### Assignment
Write out exactly the lines below that run from the one containing "move=> kd; rewrite" through the one containing "move: geo1 geo2 geo_w1", both included, with no other lines.

BEGIN Data for review

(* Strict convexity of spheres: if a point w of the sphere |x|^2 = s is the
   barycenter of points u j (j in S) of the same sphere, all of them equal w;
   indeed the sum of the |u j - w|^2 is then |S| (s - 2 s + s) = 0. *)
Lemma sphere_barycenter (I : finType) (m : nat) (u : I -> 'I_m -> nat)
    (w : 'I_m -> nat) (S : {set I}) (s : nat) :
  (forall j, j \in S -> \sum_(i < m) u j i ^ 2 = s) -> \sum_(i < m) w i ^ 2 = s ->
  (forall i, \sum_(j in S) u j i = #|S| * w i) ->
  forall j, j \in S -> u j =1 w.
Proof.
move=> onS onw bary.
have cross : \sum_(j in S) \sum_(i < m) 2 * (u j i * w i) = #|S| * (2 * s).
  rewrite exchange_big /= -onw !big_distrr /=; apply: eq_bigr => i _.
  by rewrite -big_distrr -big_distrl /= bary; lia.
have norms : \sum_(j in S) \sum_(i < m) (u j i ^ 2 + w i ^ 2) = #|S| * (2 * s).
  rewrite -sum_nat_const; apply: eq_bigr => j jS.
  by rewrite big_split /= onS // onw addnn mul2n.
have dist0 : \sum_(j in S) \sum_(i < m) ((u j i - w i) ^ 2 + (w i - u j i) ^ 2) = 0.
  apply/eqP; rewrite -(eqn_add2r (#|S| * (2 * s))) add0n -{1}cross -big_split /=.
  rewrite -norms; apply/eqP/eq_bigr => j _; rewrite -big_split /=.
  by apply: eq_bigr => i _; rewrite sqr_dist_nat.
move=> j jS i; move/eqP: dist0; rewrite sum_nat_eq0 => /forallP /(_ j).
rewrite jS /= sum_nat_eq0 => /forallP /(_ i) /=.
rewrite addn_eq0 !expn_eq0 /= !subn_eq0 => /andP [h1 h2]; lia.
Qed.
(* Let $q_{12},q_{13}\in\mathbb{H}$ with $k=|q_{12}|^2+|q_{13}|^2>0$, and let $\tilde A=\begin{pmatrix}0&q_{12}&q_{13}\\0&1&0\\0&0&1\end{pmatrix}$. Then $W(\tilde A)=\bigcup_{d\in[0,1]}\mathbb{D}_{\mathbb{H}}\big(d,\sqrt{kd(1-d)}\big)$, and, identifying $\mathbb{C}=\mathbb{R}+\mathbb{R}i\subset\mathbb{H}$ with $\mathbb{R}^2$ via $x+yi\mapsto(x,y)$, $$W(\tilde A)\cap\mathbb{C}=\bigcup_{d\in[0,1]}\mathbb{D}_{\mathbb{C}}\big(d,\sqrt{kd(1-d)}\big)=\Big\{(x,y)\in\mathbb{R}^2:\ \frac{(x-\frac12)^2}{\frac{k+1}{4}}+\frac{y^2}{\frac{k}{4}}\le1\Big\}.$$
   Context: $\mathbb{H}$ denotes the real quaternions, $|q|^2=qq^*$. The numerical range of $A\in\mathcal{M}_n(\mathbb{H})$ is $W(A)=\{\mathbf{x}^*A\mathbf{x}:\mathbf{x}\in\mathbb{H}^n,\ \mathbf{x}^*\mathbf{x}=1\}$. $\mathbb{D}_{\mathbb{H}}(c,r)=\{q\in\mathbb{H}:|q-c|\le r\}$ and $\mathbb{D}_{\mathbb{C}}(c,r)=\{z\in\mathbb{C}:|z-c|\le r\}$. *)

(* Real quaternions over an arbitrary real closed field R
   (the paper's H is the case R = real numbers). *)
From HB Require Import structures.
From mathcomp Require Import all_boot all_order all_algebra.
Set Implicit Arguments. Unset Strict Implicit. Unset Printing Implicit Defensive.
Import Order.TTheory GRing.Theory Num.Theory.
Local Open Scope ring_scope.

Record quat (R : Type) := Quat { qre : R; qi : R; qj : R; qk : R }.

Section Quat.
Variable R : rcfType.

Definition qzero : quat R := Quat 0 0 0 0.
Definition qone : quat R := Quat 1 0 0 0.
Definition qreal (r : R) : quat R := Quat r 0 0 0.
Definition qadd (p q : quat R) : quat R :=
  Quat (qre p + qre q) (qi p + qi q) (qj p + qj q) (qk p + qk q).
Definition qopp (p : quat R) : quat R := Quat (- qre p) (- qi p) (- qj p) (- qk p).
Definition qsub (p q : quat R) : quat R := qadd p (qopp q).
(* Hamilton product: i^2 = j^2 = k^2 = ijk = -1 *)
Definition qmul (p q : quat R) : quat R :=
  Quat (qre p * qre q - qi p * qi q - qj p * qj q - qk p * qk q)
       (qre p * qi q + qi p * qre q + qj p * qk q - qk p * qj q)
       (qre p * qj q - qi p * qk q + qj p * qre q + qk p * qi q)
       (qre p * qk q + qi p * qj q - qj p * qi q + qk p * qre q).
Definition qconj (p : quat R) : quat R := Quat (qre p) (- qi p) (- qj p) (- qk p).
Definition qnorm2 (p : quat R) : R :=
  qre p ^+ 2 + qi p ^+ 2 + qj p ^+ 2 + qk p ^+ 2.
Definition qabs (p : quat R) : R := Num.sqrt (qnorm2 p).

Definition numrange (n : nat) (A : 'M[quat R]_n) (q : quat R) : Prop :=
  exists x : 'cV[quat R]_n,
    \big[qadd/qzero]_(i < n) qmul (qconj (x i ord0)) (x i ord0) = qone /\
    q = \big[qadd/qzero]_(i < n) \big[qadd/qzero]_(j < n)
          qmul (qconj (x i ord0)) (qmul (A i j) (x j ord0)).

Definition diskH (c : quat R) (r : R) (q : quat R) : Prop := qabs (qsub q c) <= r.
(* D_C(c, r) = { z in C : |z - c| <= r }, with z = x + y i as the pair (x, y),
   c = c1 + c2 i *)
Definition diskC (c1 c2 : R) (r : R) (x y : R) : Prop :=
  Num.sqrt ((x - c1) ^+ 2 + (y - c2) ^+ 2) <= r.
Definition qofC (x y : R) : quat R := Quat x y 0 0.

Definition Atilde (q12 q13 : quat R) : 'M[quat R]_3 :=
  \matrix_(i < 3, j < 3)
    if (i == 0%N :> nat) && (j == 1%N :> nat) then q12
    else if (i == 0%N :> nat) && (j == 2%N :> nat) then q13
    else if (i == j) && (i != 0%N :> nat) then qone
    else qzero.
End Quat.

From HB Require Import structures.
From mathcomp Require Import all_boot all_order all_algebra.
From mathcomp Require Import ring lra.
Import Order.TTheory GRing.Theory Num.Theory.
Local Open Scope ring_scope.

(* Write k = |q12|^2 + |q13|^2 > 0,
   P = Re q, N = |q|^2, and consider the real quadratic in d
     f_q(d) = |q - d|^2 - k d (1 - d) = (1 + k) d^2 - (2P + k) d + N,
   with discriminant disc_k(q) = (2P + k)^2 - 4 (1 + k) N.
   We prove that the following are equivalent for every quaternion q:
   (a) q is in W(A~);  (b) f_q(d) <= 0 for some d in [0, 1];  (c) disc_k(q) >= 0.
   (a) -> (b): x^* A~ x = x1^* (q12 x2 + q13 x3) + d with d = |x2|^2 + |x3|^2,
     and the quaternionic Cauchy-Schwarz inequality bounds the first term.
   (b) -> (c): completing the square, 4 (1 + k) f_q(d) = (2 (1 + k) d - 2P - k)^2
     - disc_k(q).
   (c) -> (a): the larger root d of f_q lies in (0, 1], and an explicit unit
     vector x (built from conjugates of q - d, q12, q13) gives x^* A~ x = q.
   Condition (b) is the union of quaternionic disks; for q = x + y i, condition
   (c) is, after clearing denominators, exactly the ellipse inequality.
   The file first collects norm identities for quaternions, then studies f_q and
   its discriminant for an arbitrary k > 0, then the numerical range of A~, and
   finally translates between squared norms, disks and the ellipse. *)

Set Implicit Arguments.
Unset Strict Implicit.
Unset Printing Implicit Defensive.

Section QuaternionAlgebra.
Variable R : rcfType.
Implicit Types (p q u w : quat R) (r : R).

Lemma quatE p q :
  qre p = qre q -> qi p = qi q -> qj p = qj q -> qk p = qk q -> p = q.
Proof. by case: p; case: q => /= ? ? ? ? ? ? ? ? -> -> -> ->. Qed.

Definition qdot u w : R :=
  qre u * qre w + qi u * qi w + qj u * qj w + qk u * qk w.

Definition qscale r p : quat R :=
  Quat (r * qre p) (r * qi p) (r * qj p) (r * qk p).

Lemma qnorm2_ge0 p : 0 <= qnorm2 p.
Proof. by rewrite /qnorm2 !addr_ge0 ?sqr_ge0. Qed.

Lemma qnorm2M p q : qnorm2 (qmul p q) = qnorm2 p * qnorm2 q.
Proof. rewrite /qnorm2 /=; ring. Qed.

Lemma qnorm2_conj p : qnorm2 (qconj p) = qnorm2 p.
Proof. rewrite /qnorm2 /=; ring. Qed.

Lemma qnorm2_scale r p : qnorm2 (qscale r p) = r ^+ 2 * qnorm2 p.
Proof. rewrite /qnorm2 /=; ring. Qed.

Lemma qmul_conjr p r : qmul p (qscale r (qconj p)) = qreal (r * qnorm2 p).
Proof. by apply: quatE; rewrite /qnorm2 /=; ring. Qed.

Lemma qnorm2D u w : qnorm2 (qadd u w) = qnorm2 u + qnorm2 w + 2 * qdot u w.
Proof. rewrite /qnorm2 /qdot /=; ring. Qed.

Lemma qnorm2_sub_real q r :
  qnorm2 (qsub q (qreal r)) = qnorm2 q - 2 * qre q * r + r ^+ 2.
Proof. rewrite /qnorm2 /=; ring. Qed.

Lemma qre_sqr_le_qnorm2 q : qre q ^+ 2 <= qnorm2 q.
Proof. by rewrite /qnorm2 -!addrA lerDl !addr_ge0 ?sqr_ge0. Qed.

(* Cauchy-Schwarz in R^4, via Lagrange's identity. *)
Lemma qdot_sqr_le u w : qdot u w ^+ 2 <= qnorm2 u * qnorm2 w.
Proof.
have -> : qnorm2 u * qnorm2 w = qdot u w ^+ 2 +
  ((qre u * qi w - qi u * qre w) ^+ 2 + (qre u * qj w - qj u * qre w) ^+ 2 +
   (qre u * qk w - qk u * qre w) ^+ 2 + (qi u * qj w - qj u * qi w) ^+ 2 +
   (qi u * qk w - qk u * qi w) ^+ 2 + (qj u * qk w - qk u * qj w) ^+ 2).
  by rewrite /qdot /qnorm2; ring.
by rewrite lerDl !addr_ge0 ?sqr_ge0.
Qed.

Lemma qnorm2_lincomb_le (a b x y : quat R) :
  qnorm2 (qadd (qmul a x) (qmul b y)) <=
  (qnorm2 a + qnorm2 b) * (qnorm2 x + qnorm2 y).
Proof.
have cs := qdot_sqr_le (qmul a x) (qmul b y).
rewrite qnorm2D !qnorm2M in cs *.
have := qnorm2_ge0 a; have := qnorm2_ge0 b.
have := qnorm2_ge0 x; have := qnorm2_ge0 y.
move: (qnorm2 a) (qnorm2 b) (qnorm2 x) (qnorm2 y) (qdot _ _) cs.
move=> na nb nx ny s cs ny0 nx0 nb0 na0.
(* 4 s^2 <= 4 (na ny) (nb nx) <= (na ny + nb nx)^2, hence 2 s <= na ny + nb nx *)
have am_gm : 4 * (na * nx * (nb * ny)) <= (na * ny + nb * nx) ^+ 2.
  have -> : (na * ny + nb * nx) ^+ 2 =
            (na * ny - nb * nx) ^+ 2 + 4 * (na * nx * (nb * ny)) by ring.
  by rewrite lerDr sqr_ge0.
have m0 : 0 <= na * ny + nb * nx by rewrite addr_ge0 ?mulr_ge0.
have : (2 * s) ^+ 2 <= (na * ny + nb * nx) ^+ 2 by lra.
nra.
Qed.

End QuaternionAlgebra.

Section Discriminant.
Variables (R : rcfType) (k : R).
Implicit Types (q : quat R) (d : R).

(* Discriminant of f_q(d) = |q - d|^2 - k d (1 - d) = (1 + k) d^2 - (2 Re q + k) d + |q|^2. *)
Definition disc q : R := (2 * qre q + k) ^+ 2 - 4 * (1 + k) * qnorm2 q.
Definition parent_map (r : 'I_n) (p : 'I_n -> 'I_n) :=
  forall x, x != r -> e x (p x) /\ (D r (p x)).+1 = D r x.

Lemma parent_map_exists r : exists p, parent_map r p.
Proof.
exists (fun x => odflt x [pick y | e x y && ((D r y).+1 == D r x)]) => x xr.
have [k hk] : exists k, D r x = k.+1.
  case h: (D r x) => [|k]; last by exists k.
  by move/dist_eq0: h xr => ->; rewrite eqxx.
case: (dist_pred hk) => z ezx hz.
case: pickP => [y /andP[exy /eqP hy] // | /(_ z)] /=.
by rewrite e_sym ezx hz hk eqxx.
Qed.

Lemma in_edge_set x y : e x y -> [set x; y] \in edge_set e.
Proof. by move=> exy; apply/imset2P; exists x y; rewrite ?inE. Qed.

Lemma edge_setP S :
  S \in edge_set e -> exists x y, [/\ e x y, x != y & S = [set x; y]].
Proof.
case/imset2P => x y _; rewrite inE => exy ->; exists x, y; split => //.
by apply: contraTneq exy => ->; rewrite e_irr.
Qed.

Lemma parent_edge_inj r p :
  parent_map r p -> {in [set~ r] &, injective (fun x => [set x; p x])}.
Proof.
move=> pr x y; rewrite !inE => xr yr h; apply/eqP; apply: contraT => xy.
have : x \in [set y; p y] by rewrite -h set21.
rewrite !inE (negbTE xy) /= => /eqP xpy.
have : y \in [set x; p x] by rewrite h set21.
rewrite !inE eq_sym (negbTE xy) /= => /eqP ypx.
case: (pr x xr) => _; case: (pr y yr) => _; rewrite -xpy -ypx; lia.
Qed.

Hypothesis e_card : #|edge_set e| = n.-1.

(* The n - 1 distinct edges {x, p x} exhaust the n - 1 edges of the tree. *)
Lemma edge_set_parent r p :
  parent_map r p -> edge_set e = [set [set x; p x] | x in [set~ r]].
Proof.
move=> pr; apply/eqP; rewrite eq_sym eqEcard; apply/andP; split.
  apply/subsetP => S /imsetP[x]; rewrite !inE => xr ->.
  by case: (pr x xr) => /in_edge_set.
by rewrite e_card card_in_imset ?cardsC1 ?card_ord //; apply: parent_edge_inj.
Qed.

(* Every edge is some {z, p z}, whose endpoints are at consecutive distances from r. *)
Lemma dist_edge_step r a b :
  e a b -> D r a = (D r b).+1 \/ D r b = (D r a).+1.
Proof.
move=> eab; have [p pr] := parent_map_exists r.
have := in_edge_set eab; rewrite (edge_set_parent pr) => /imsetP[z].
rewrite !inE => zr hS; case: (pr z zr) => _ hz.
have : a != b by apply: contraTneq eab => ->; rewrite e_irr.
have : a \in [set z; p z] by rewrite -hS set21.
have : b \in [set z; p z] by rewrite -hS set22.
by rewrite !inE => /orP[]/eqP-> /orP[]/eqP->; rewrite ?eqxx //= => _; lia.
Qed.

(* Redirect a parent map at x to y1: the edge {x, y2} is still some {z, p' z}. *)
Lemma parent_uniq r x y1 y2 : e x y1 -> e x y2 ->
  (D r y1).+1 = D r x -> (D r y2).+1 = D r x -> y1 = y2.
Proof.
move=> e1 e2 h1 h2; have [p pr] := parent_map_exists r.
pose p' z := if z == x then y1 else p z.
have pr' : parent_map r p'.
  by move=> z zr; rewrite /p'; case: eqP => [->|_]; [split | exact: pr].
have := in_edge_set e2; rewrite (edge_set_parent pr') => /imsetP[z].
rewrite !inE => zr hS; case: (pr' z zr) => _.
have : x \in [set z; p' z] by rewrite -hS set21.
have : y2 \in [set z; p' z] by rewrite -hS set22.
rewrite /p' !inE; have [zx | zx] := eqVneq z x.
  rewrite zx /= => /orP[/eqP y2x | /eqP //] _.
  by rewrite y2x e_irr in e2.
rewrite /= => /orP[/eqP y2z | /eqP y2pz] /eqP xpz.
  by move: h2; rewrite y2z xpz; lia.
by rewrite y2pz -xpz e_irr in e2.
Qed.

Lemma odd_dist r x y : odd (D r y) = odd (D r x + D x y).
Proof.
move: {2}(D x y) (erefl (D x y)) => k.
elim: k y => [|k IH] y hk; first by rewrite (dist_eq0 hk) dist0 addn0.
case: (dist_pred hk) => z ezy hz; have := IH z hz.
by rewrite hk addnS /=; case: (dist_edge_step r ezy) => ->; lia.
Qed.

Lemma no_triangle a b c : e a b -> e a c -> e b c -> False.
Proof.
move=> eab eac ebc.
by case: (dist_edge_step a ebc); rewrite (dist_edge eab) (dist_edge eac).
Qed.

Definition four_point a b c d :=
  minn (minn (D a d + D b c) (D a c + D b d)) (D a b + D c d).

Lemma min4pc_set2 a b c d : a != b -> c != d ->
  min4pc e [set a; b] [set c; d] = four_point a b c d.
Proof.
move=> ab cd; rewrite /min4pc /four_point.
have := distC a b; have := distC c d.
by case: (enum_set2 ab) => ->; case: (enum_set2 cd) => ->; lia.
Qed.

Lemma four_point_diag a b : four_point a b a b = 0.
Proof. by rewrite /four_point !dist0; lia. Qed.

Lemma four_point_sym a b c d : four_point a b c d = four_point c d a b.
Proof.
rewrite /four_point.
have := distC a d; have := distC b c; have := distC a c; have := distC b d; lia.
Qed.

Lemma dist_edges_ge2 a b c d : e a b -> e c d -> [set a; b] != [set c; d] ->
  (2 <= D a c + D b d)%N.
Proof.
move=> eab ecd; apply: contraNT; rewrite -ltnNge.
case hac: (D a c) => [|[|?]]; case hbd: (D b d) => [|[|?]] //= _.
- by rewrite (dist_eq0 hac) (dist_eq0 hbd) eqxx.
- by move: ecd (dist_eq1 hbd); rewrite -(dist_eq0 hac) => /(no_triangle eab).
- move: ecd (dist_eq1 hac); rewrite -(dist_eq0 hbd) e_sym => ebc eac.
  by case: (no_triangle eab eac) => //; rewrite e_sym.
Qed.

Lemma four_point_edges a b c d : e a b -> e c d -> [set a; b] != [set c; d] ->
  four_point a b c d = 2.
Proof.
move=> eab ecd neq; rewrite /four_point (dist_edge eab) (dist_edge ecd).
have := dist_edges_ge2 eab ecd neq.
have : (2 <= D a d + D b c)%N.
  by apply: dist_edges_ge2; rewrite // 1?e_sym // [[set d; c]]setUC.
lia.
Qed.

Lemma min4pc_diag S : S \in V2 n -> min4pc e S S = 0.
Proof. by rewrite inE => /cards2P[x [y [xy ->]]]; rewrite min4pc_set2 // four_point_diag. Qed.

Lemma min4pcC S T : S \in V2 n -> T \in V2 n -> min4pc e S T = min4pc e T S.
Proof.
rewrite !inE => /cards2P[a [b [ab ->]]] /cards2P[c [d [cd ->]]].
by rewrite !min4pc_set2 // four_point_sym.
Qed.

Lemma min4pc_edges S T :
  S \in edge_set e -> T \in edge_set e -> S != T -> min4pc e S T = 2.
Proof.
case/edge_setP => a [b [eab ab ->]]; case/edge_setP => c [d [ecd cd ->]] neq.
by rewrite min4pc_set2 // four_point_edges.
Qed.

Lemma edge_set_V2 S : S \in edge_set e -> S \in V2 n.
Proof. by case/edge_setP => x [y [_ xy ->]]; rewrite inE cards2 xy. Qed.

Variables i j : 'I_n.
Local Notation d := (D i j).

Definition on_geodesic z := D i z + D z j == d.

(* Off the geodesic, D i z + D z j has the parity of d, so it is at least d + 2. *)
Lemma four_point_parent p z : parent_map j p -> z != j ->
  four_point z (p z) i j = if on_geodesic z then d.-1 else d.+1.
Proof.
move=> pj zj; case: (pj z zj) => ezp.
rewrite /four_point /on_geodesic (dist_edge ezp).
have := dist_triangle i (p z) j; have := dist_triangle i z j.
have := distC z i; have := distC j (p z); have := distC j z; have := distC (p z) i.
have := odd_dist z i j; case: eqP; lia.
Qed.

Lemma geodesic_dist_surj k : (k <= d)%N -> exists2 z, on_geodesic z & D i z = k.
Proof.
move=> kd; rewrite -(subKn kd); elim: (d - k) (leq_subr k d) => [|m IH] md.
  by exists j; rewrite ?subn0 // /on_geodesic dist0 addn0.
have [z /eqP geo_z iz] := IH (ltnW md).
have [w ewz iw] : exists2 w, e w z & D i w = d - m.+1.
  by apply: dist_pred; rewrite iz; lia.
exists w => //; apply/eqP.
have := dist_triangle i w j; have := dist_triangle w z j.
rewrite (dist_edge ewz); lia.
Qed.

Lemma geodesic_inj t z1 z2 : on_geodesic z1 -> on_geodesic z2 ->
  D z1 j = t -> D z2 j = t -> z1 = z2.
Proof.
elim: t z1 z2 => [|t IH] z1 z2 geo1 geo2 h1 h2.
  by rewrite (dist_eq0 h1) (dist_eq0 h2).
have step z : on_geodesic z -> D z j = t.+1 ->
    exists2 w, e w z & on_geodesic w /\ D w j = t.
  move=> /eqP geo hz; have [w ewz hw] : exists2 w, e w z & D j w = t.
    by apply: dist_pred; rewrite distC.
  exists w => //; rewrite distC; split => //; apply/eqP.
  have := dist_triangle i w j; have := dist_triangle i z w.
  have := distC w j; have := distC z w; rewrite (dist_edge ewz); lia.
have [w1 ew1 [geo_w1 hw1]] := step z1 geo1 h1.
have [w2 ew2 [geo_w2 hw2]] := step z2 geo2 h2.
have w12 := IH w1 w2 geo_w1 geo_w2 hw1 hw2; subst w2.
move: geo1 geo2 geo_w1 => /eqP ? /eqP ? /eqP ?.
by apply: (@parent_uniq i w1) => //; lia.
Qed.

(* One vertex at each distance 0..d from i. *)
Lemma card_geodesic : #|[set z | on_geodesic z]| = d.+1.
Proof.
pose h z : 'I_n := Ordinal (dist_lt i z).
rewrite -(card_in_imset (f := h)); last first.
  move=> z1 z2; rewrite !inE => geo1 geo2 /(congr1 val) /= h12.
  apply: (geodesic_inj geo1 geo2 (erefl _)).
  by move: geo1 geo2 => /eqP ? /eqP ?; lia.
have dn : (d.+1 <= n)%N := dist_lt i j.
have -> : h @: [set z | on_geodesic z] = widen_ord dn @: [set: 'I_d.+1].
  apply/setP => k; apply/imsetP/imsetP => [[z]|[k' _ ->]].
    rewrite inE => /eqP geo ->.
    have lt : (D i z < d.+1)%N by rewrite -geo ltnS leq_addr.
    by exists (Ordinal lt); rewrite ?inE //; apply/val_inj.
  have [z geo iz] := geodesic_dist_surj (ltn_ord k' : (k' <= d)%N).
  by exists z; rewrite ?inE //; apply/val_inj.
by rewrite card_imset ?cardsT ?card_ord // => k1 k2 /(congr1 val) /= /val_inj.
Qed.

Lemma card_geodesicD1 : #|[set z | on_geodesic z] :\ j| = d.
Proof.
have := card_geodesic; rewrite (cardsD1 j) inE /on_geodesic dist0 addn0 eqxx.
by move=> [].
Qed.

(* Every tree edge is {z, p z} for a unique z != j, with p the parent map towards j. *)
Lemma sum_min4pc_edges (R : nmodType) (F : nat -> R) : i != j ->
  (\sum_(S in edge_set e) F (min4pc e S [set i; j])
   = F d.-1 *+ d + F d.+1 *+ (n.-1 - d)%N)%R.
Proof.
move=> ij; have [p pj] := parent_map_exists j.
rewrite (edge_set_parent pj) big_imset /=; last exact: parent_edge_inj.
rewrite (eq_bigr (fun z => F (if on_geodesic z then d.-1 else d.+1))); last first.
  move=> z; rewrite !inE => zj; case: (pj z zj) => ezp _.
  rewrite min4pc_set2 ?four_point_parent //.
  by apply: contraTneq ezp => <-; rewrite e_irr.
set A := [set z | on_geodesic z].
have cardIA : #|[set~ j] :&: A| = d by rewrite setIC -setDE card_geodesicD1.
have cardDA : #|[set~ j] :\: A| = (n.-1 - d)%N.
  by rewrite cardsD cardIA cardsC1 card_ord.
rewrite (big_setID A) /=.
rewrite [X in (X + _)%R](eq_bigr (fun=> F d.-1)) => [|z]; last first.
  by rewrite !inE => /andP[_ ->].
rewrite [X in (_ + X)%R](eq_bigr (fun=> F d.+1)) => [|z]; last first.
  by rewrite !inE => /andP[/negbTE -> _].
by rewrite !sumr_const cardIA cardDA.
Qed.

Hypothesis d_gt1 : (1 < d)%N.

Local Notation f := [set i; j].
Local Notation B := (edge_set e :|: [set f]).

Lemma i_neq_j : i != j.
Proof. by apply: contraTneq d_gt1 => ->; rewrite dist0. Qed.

END Data for review

### Task result
move=> kd; rewrite -(subKn kd); elim: (d - k) (leq_subr k d) => [|m IH] md.
  by exists j; rewrite ?subn0 // /on_geodesic dist0 addn0.
have [z /eqP geo_z iz] := IH (ltnW md).
have [w ewz iw] : exists2 w, e w z & D i w = d - m.+1.
  by apply: dist_pred; rewrite iz; lia.
exists w => //; apply/eqP.
have := dist_triangle i w j; have := dist_triangle w z j.
rewrite (dist_edge ewz); lia.
Qed.

Lemma geodesic_inj t z1 z2 : on_geodesic z1 -> on_geodesic z2 ->
  D z1 j = t -> D z2 j = t -> z1 = z2.
Proof.
elim: t z1 z2 => [|t IH] z1 z2 geo1 geo2 h1 h2.
  by rewrite (dist_eq0 h1) (dist_eq0 h2).
have step z : on_geodesic z -> D z j = t.+1 ->
    exists2 w, e w z & on_geodesic w /\ D w j = t.
  move=> /eqP geo hz; have [w ewz hw] : exists2 w, e w z & D j w = t.
    by apply: dist_pred; rewrite distC.
  exists w => //; rewrite distC; split => //; apply/eqP.
  have := dist_triangle i w j; have := dist_triangle i z w.
  have := distC w j; have := distC z w; rewrite (dist_edge ewz); lia.
have [w1 ew1 [geo_w1 hw1]] := step z1 geo1 h1.
have [w2 ew2 [geo_w2 hw2]] := step z2 geo2 h2.
have w12 := IH w1 w2 geo_w1 geo_w2 hw1 hw2; subst w2.
move: geo1 geo2 geo_w1 => /eqP ? /eqP ? /eqP ?.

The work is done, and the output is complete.